Re: [Gluster-infra] [Gluster-devel] is_nfs_export_available from nfs.rc failing too often?

2019-05-08 Thread Atin Mukherjee

builder204 needs to be fixed, too many failures, mostly none of the patches
are passing regression.

On Wed, May 8, 2019 at 9:53 AM Atin Mukherjee  wrote:

>
>
> On Wed, May 8, 2019 at 7:16 AM Sanju Rakonde  wrote:
>
>> Deepshikha,
>>
>> I see the failure here[1] which ran on builder206. So, we are good.
>>
>
> Not really,
> https://build.gluster.org/job/centos7-regression/5909/consoleFull failed
> on builder204 for similar reasons I believe?
>
> I am bit more worried on this issue being resurfacing more often these
> days.

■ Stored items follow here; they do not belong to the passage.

Theorem lemma4p4 (d : nat) (psi : R -> R) (psis : nat -> R -> R) :
  (3 <= d)%nat ->
  ar_generator d psi ->
  (forall n, ar_generator d (psis n)) ->
  let Cn := fun n => arch_copula d (psis n) in
  let C := arch_copula d psi in
  let LD := left_deriv (Derive_n psi (d - 2)) in
  let LDn := fun n => left_deriv (Derive_n (psis n) (d - 2)) in
  let ContLD := fun z => 0 < z /\ continuous LD z in
  (* forward direction *)
  ((forall u, in_unit_cube d u -> is_lim_seq (fun n => Cn n u) (C u)) ->
     (forall m, (m <= d - 2)%nat ->
        (forall z, 0 < z ->
           is_lim_seq (fun n => Derive_n (psis n) m z) (Derive_n psi m z)) /\
        (forall z, 0 < z ->
           cont_conv_at (fun n => Derive_n (psis n) m) (Derive_n psi m) z)) /\
     (forall z, ContLD z -> is_lim_seq (fun n => LDn n z) (LD z)) /\
     (forall z, ContLD z -> cont_conv_at LDn LD z)) /\
  (* converse via derivatives of order m in {1,...,d-2} *)
  (forall m, (1 <= m <= d - 2)%nat ->
     (forall z, 0 < z ->
        is_lim_seq (fun n => Derive_n (psis n) m z) (Derive_n psi m z)) ->
     forall u, in_unit_cube d u -> is_lim_seq (fun n => Cn n u) (C u)) /\
  (* converse via left derivatives of order d-2 *)
  ((forall z, ContLD z -> is_lim_seq (fun n => LDn n z) (LD z)) ->
     forall u, in_unit_cube d u -> is_lim_seq (fun n => Cn n u) (C u)).
Proof.
  intros Hd A As. cbv zeta.
  pose proof (fun Hlim => arch_copula_lim psi psis (ar_generator_is_generator d psi A)
                (fun n => ar_generator_is_generator d (psis n) (As n)) Hlim d) as Hcopula.
  split; [|split].
  - intros Hconv.
    pose proof (generator_lim_of_copula_lim d psi psis A As ltac:(lia) Hconv) as Hlim.
    split; [|split].
    + intros m Hm. split; intros z Hz;
        [apply (cont_conv_converges_at (fun n => Derive_n (psis n) m)); [exact Hz|]|];
        apply (Derive_n_cont_conv d psi psis A As); assumption.
    + intros z [Hz Hc].
      apply (cont_conv_converges_at (fun n => left_deriv (Derive_n (psis n) (d - 2)))); [exact Hz|].
      apply (left_deriv_cont_conv d psi psis A As); assumption.
    + intros z [Hz Hc]. apply (left_deriv_cont_conv d psi psis A As); assumption.
  - intros m Hm Hconv. apply Hcopula.
    apply (generator_lim_of_Derive_n_lim d psi psis A As m); [lia | exact Hconv].
  - intros Hconv. apply Hcopula. apply (generator_lim_of_left_deriv_lim d psi psis A As Hconv).
Qed.
(* Let $\Delta\subset\mathbb{S}^2$ be a planar flag complex satisfying the Standing Assumptions, and let $T$ be a finite tree encoding the structure of $\Delta$ in the following sense: (1) each vertex $v$ of $T$ is associated to a prime full subcomplex $\Delta_v$ of $\Delta$, with $\Delta_v\neq\Delta_{v'}$ for $v\neq v'$ and $\bigcup_{v}\Delta_v=\Delta$; (2) each edge $e$ of $T$ is associated to an induced 4-cycle $\Delta_e$ of $\Delta$, with $\Delta_e\neq\Delta_{e'}$ for $e\neq e'$; (3) vertices $v_1,v_2$ are the endpoints of an edge $e$ iff $\Delta_{v_1}\cap\Delta_{v_2}=\Delta_e$, and if $V_1,V_2$ are the vertex sets of the two components of $T$ minus the midpoint of $e$, then $(\bigcup_{v\in V_1}\Delta_v,\bigcup_{v\in V_2}\Delta_v)$ is a strong visual decomposition of $\Delta$ along $\Delta_e$. Then for each region $R$ of $\mathbb{S}^2-\Delta$ there is a vertex $v$ of $T$ such that $R$ is also a region of $\mathbb{S}^2-\Delta_v$.
   Context: A flag complex is a simplicial complex in which every complete subgraph of the 1-skeleton spans a simplex; a subcomplex is full if it contains every simplex whose vertices lie in it. Standing Assumptions on $\Delta\subset\mathbb{S}^2$: (1) connected, no separating vertex, no separating edge, contains an induced 4-cycle; (2) not a 4-cycle and not a cone on a 4-cycle. An induced 4-cycle $\sigma$ strongly separates $\Delta$ if $\Delta$ meets both components $U_1,U_2$ of $\mathbb{S}^2-\sigma$; then with $\Delta_i$ equal to $\sigma$ together with the components of $\Delta-\sigma$ in $U_i$, the pair $(\Delta_1,\Delta_2)$ is the strong visual decomposition along $\sigma$. $\Delta$ is prime if it is connected with no separating vertex or edge, is not a 4-cycle but contains an induced 4-cycle, and has no strongly separating induced 4-cycle. A region of $\mathbb{S}^2-\Delta$ is a connected component. *)

From mathcomp Require Import all_boot all_algebra.

Set Implicit Arguments.
Unset Strict Implicit.
Unset Printing Implicit Defensive.

Local Open Scope ring_scope.

Section Complexes.
Variable n : nat.
Implicit Types (K L C : {set {set 'I_n}}) (W : {set 'I_n}).

Definition simplicial_complex K : Prop :=
  forall s, s \in K -> s != set0 /\
    (forall t : {set 'I_n}, t \subset s -> t != set0 -> t \in K).

Definition verts K : {set 'I_n} := [set v | [set v] \in K].

Definition edge K : rel 'I_n := fun u v => (u != v) && ([set u; v] \in K).

Definition flag K : Prop :=
  forall s : {set 'I_n}, s != set0 -> s \subset verts K ->
    (forall u v, u \in s -> v \in s -> u != v -> [set u; v] \in K) -> s \in K.

Definition subcomplex L K : Prop := simplicial_complex L /\ L \subset K.

Definition full L K : Prop :=
  subcomplex L K /\ forall s, s \in K -> s \subset verts L -> s \in L.

Definition full_sub K W : {set {set 'I_n}} := [set s in K | s \subset W].

Definition connectedC K : Prop :=
  verts K != set0 /\
  forall u v, u \in verts K -> v \in verts K -> connect (edge K) u v.

Definition disconnectedC K : Prop :=
  exists u v, [/\ u \in verts K, v \in verts K & ~~ connect (edge K) u v].

Definition separating_vertex K : Prop :=
  exists v, v \in verts K /\ disconnectedC (full_sub K (verts K :\ v)).

Definition separating_edge K : Prop :=
  exists u v, edge K u v /\ disconnectedC (full_sub K (verts K :\: [set u; v])).

Definition induced_4cycle K C : Prop :=
  exists a b c d : 'I_n,
    [/\ uniq [:: a; b; c; d], C = full_sub K [set a; b; c; d],
        [&& edge K a b, edge K b c, edge K c d & edge K d a]
      & ~~ edge K a c && ~~ edge K b d].

Definition is_4cycle K : Prop := induced_4cycle K K.

(* K is a cone on a 4-cycle (for flag K) *)
Definition cone_on_4cycle K : Prop :=
  exists x C, [/\ induced_4cycle K C, x \in verts K, x \notin verts C,
                  verts K = x |: verts C
                & forall y, y \in verts C -> edge K x y].
End Complexes.

From mathcomp Require Import all_classical all_reals all_analysis.
Import numFieldNormedType.Exports.

Section Geometry.
Local Open Scope classical_set_scope.
Variables (R : realType) (n : nat).
Implicit Types (K L C : {set {set 'I_n}}).

(* points of |K| in barycentric coordinates *)
Definition realization K : set 'rV[R]_n :=
  [set x | (forall i, 0 <= x ord0 i) /\ \sum_i x ord0 i = 1 /\
           finset (fun i => x ord0 i != 0) \in K].

Definition vtx (v : 'I_n) : 'rV[R]_n := \row_i (i == v)%:R.

Definition sphere2 : set 'rV[R]_3 := [set p | \sum_i (p ord0 i) ^+ 2 = 1].

(* a topological embedding of |K| into S^2 (|K| is compact, so a continuous
   injection is a homeomorphism onto its image) *)
Definition embedding (f : 'rV[R]_n -> 'rV[R]_3) K : Prop :=
  [/\ {within realization K, continuous f},
      (forall x y, realization K x -> realization K y -> f x = f y -> x = y)
    & f @` realization K `<=` sphere2].

Definition img (f : 'rV[R]_n -> 'rV[R]_3) K : set 'rV[R]_3 :=
  f @` realization K.

Definition region (X U : set 'rV[R]_3) : Prop :=
  exists2 p, (sphere2 `\` X) p & U = connected_component (sphere2 `\` X) p.

Definition strong_visual_decomposition (f : 'rV[R]_n -> 'rV[R]_3)
    K C K1 K2 : Prop :=
  induced_4cycle K C /\
  exists U1 U2 : set 'rV[R]_3,
    [/\ region (img f C) U1, region (img f C) U2, U1 <> U2
       & sphere2 `\` img f C `<=` U1 `|` U2] /\
    [/\ U1 `&` img f K !=set0, U2 `&` img f K !=set0,
        K1 = full_sub K (verts C :|: [set v in verts K | `[< U1 (f (vtx v)) >]])
      & K2 = full_sub K (verts C :|: [set v in verts K | `[< U2 (f (vtx v)) >]])].

Definition strongly_separates (f : 'rV[R]_n -> 'rV[R]_3) K C : Prop :=
  exists K1 K2, strong_visual_decomposition f K C K1 K2.

Definition prime_complex (f : 'rV[R]_n -> 'rV[R]_3) K : Prop :=
  [/\ connectedC K, ~ separating_vertex K, ~ separating_edge K,
      ~ is_4cycle K & (exists C, induced_4cycle K C)] /\
    ~ (exists C, induced_4cycle K C /\ strongly_separates f K C).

What can we do to fix this permanently?
>
>
>> [1] https://build.gluster.org/job/centos7-regression/5901/consoleFull
>>
>> On Wed, May 8, 2019 at 12:23 AM Deepshikha Khandelwal <
>> dkhan...@redhat.com> wrote:
>>
>>> Sanju, can you please give us more info about the failures.
>>>
>>> I see the failures occurring on just one of the builder (builder206).
>>> I'm taking it back offline for now.
>>>
>>> On Tue, May 7, 2019 at 9:42 PM Michael Scherer 
>>> wrote:
>>>
 Le mardi 07 mai 2019 à 20:04 +0530, Sanju Rakonde a écrit :
 > Looks like is_nfs_export_available started failing again in recent
 > centos-regressions.
 >
 > Michael, can you please check?

 I will try but I am leaving for vacation tonight, so if I find nothing,
 until I leave, I guess Deepshika will have to look.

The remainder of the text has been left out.